↓

Lemma derivable_pt_lim_along_line F gF y w t : (forall p, has_gradient N F (gF p) p) ->
  derivable_pt_lim (fun s => F (vadd y (vscal s w))) t (pair n (gF (vadd y (vscal t w))) w).
Proof.
  intros Hg eps Heps.
  set (p := vadd y (vscal t w)).
  pose proof (N_nonneg N HN w) as Hw.
  destruct (Hg p (eps / (2 * (N w + 1)))) as [delta [Hd Hdb]]; [apply Rdiv_lt_0_compat; lra|].
  assert (Hd' : 0 < delta / (N w + 1)) by (apply Rdiv_lt_0_compat; lra).
  exists (mkposreal _ Hd'). intros s Hs0 Hsd. simpl in Hsd.
  replace (vadd y (vscal (t + s) w)) with (vadd p (vscal s w)) by (unfold p; vec_ext).
  assert (Hlt : N (vscal s w) < delta).
  { rewrite (N_scal N HN). apply Rle_lt_trans with (Rabs s * (N w + 1)).
    - pose proof (Rabs_pos s). nra.
    - apply Rmult_lt_reg_r with (/ (N w + 1)); [apply Rinv_0_lt_compat; lra|].
      replace (Rabs s * (N w + 1) * / (N w + 1)) with (Rabs s) by (field; lra). exact Hsd. }
  specialize (Hdb _ Hlt). rewrite pair_scal_r, (N_scal N HN) in Hdb.
  assert (Hsa : 0 < Rabs s) by (apply Rabs_pos_lt; exact Hs0).
  replace ((F (vadd p (vscal s w)) - F p) / s - pair n (gF p) w)
    with ((F (vadd p (vscal s w)) - F p - s * pair n (gF p) w) / s) by (field; exact Hs0).
  unfold Rdiv at 1. rewrite Rabs_mult, Rabs_inv.
  apply Rmult_lt_reg_r with (Rabs s); [exact Hsa|].
  rewrite Rmult_assoc, Rinv_l, Rmult_1_r by lra.
  eapply Rle_lt_trans; [exact Hdb|].
  assert (Hq : N w / (2 * (N w + 1)) < 1).
  { apply Rmult_lt_reg_r with (2 * (N w + 1)); [lra|].
    unfold Rdiv. rewrite Rmult_assoc, Rinv_l by lra. lra. }
  replace (eps / (2 * (N w + 1)) * (Rabs s * N w))
    with (Rabs s * eps * (N w / (2 * (N w + 1)))) by (field; lra).
  assert (0 < Rabs s * eps) by nra. nra.
Qed.

(* Mean value theorem along the segment; no convexity of [f] is involved. *)
Lemma L_smooth_upper_model L f gf y w : L_smooth N L f gf ->
  f (vadd y w) <= f y + pair n (gf y) w + L / 2 * N w ^ 2.
Proof.
  intros [HL [[Hg _] Hlip]].
  set (c0 := pair n (gf y) w).
  set (k := L / 2 * N w ^ 2).
  set (phi1 := fun s => f (vadd y (vscal s w))).
  set (phi2 := (mult_real_fct c0 id + mult_real_fct k (fun s => s ^ 2))%F).
  assert (Hd : forall t, derivable_pt_lim (phi1 - phi2)%F t
     (pair n (gf (vadd y (vscal t w))) w - (c0 * 1 + k * (INR 2 * t ^ Init.Nat.pred 2)))).
  { intro t. apply derivable_pt_lim_minus.
    - apply derivable_pt_lim_along_line; exact Hg.
    - apply derivable_pt_lim_plus; apply derivable_pt_lim_scal;
        [apply derivable_pt_lim_id | apply derivable_pt_lim_pow]. }
  set (pr := fun t => exist _ _ (Hd t) : derivable_pt (phi1 - phi2)%F t).
  destruct (MVT_cor1 (phi1 - phi2)%F 0 1 pr Rlt_0_1) as [c [Hc Hc01]].
  simpl in Hc. unfold minus_fct, plus_fct, mult_real_fct, phi1, id in Hc.
  replace (vadd y (vscal 1 w)) with (vadd y w) in Hc by vec_ext.
  replace (vadd y (vscal 0 w)) with y in Hc by vec_ext.
  assert (Hder : pair n (gf (vadd y (vscal c w))) w - c0 <= 2 * k * c).
  { unfold c0. rewrite <- pair_sub_l.
    eapply Rle_trans; [apply pair_le_dnorm|].
    pose proof (Hlip (vadd y (vscal c w)) y) as Hl.
    replace (vsub (vadd y (vscal c w)) y) with (vscal c w) in Hl by vec_ext.
    rewrite (N_scal N HN), (Rabs_pos_eq c) in Hl by lra.
    pose proof (N_nonneg N HN w).
    unfold k. replace (2 * (L / 2 * N w ^ 2) * c) with (L * (c * N w) * N w) by field.
    apply Rmult_le_compat_r; lra. }
  unfold phi2, plus_fct, mult_real_fct, id, k in *. simpl in Hc. nra.
Qed.

Lemma sharp_step_model sharp L g : is_sharp N sharp -> 0 < L ->
  pair n g (vscal (- (dnorm N g / L)) (sharp g))
    + L / 2 * N (vscal (- (dnorm N g / L)) (sharp g)) ^ 2
  <= - (dnorm N g ^ 2 / (2 * L)).
Proof.
  intros Hs HL. destruct (Hs g) as [Hs1 Hs2].
  pose proof (dnorm_nonneg g). pose proof (N_nonneg N HN (sharp g)).
  assert (Ht : 0 <= dnorm N g / L) by (unfold Rdiv; apply Rmult_le_pos; [lra | left; apply Rinv_0_lt_compat; lra]).
  rewrite pair_scal_r, Hs2, (N_scal N HN), Rabs_Ropp, Rabs_pos_eq by exact Ht.
  assert (Hsq : (dnorm N g / L * N (sharp g)) ^ 2 <= (dnorm N g / L) ^ 2).
  { assert (dnorm N g / L * N (sharp g) <= dnorm N g / L * 1) by (apply Rmult_le_compat_l; lra).
    apply pow_incr. split; [apply Rmult_le_pos |]; lra. }
  replace (- (dnorm N g ^ 2 / (2 * L)))
    with (- (dnorm N g / L) * dnorm N g + L / 2 * (dnorm N g / L) ^ 2) by (field; lra).
  nra.
Qed.

Lemma L_smooth_sharp_step sharp L f gf y : is_sharp N sharp -> L_smooth N L f gf ->
  f (vsub y (vscal (dnorm N (gf y) / L) (sharp (gf y))))
    <= f y - dnorm N (gf y) ^ 2 / (2 * L).
Proof.
  intros Hs HL. pose proof HL as [HL0 _].
  replace (vsub y (vscal (dnorm N (gf y) / L) (sharp (gf y))))
    with (vadd y (vscal (- (dnorm N (gf y) / L)) (sharp (gf y)))) by vec_ext.
  pose proof (L_smooth_upper_model L f gf y
                (vscal (- (dnorm N (gf y) / L)) (sharp (gf y))) HL).
  pose proof (sharp_step_model sharp L (gf y) Hs HL0). lra.
Qed.

End DualNorm.
(** * The estimate sequence *)

Section EstimateFunction.
Context {n : nat} (N : Vec n -> R) (HN : is_norm N)
  (d : Vec n -> R) (gd : Vec n -> Vec n) (f : Vec n -> R) (gf : Vec n -> Vec n)
  (x0 : Vec n) (a : nat -> R) (y : nat -> Vec n).

Local Notation Psi := (psi d gd f gf x0 a y).

Fixpoint psi_gradient (k : nat) (z : Vec n) : Vec n :=
  match k with
  | O => vsub (gd z) (gd x0)
  | S j => vadd (psi_gradient j z) (vscal (a (S j)) (gf (y j)))
  end.

(* [psi_k] differs from [d] by an affine function, so both have the same Bregman divergence. *)
Lemma psi_bregman k : forall z u,
  Psi k z - Psi k u - pair n (psi_gradient k u) (vsub z u) = bregman d gd z u.
Proof.
  induction k as [|k IH]; intros z u; simpl; unfold bregman in *.
  - rewrite !pair_sub_l, !pair_sub_r. ring.
  - specialize (IH z u). rewrite !pair_add_l, !pair_scal_l, !pair_sub_r in *. lra.
Qed.

Lemma psi_has_gradient k u : has_gradient N d (gd u) u -> has_gradient N (Psi k) (psi_gradient k u) u.
Proof.
  intros Hg eps Heps. destruct (Hg eps Heps) as [delta [Hd Hb]].
  exists delta. split; [exact Hd|]. intros w Hw.
  pose proof (psi_bregman k (vadd u w) u) as E. unfold bregman in E.
  replace (vsub (vadd u w) u) with w in E by vec_ext.
  rewrite E. exact (Hb w Hw).
Qed.

Lemma psi_strong_min k v : prox_function N d gd ->
  (forall z, Psi k v <= Psi k z) -> forall z, Psi k v + / 2 * N (vsub z v) ^ 2 <= Psi k z.
Proof.
  intros [[Hg _] [_ [Hsc _]]] Hmin z.
  assert (H0 : 0 <= pair n (psi_gradient k v) (vsub z v)).
  { apply (pair_nonneg_of_min_along_ray N HN (Psi k) _ v); [apply psi_has_gradient, Hg|].
    intros t _. apply Hmin. }
  pose proof (psi_bregman k z v). pose proof (Hsc v z). unfold bregman in *. lra.
Qed.

Lemma psi0_min z : prox_function N d gd -> Psi 0 x0 <= Psi 0 z.
Proof.
  intros [_ [_ [Hsc _]]]. simpl. unfold bregman.
  replace (vsub x0 x0) with (@vzero n) by vec_ext. rewrite pair_zero_r.
  pose proof (Hsc x0 z). pose proof (pow2_ge_0 (N (vsub z x0))). lra.
Qed.

End EstimateFunction.

Definition admissible_weight (L G fy fx1 AA aa : R) : Prop :=
  0 < aa /\ AA + aa <= L * aa ^ 2 /\ aa ^ 2 * G ^ 2 / 2 <= (AA + aa) * (fy - fx1).

Lemma optionA_admissible L G fy fx1 AA aa :
  0 < L -> 0 <= AA -> 0 < aa -> aa ^ 2 / (AA + aa) = / L ->
  fx1 <= fy - G ^ 2 / (2 * L) -> admissible_weight L G fy fx1 AA aa.
Proof.
  intros HL HAA Haa Heq Hdec.
  assert (HLa : L * aa ^ 2 = AA + aa).
  { replace (L * aa ^ 2) with (L * (AA + aa) * (aa ^ 2 / (AA + aa))) by (field; lra).
    rewrite Heq. field. lra. }
  split; [exact Haa | split; [lra|]].
  assert (HGL : G ^ 2 / (2 * L) * (AA + aa) = aa ^ 2 * G ^ 2 / 2)
    by (rewrite <- HLa; field; lra).
  assert (G ^ 2 / (2 * L) * (AA + aa) <= (fy - fx1) * (AA + aa))
    by (apply Rmult_le_compat_r; lra).
  lra.
Qed.

(* Writing [D = fy - fx1] and [s = 2 D / G^2], the defining equation of [a_{k+1}] is
   [a^2 = s (A_k + a)], whose two roots add up to [s > 0]; hence its largest root is positive. *)
Lemma optionB_admissible L G fy fx1 AA aa :
  0 < L -> 0 < G -> 0 <= AA -> fx1 <= fy - G ^ 2 / (2 * L) ->
  AA + aa <> 0 -> fy - aa ^ 2 / (2 * (AA + aa)) * G ^ 2 = fx1 ->
  (forall a', AA + a' <> 0 -> fy - a' ^ 2 / (2 * (AA + a')) * G ^ 2 = fx1 -> a' <= aa) ->
  admissible_weight L G fy fx1 AA aa.
Proof.
  intros HL HG HAA Hdec Hne Heq Hmax.
  set (D := fy - fx1) in *.
  set (s := 2 * D / G ^ 2).
  assert (HG2 : 0 < G ^ 2) by nra.
  assert (HLs : 1 <= L * s).
  { unfold s. apply Rmult_le_reg_r with (G ^ 2); [exact HG2|].
    replace (L * (2 * D / G ^ 2) * G ^ 2) with (2 * L * D) by (field; lra).
    assert (G ^ 2 / (2 * L) * (2 * L) = G ^ 2) by (field; lra).
    assert (G ^ 2 / (2 * L) <= D) by (unfold D; lra). nra. }
  assert (Hs : 0 < s) by nra.
  assert (Hroot : forall a', AA + a' <> 0 ->
            a' ^ 2 = s * (AA + a') -> fy - a' ^ 2 / (2 * (AA + a')) * G ^ 2 = fx1).
  { intros a' Ha' Hsq. rewrite Hsq. unfold s, D. field. split; lra. }
  assert (Haa2 : aa ^ 2 = s * (AA + aa)).
  { unfold s. apply Rmult_eq_reg_r with (G ^ 2); [|lra].
    replace D with (aa ^ 2 / (2 * (AA + aa)) * G ^ 2) by (unfold D; lra).
    field. lra. }
  assert (HApos : 0 < AA + aa).
  { destruct (Rle_lt_dec (AA + aa) 0) as [Hle|]; [|assumption].
    assert (AA + aa < 0) by lra. nra. }
  assert (Haa : 0 < aa).
  { apply Rnot_le_lt. intro Hle.
    assert (Hother : s - aa <= aa).
    { apply Hmax; [lra|]. apply Hroot; [lra | nra]. }
    lra. }
  split; [exact Haa | split].
  - rewrite Haa2. nra.
  - assert (aa ^ 2 * G ^ 2 / 2 = (AA + aa) * D) by (unfold D; rewrite <- Heq; field; lra).
    unfold D in *. lra.
Qed.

↑

§ About this exercise
Produce the lines from the top of the listing through the "pose proof (N_nonneg N HN w) as Hw." line exactly as they appear, with no additional output.

§ Expected output
Lemma derivable_pt_lim_along_line F gF y w t : (forall p, has_gradient N F (gF p) p) ->
  derivable_pt_lim (fun s => F (vadd y (vscal s w))) t (pair n (gF (vadd y (vscal t w))) w).
Proof.
  intros Hg eps Heps.
  set (p := vadd y (vscal t w)).
  pose proof (N_nonneg N HN w) as Hw.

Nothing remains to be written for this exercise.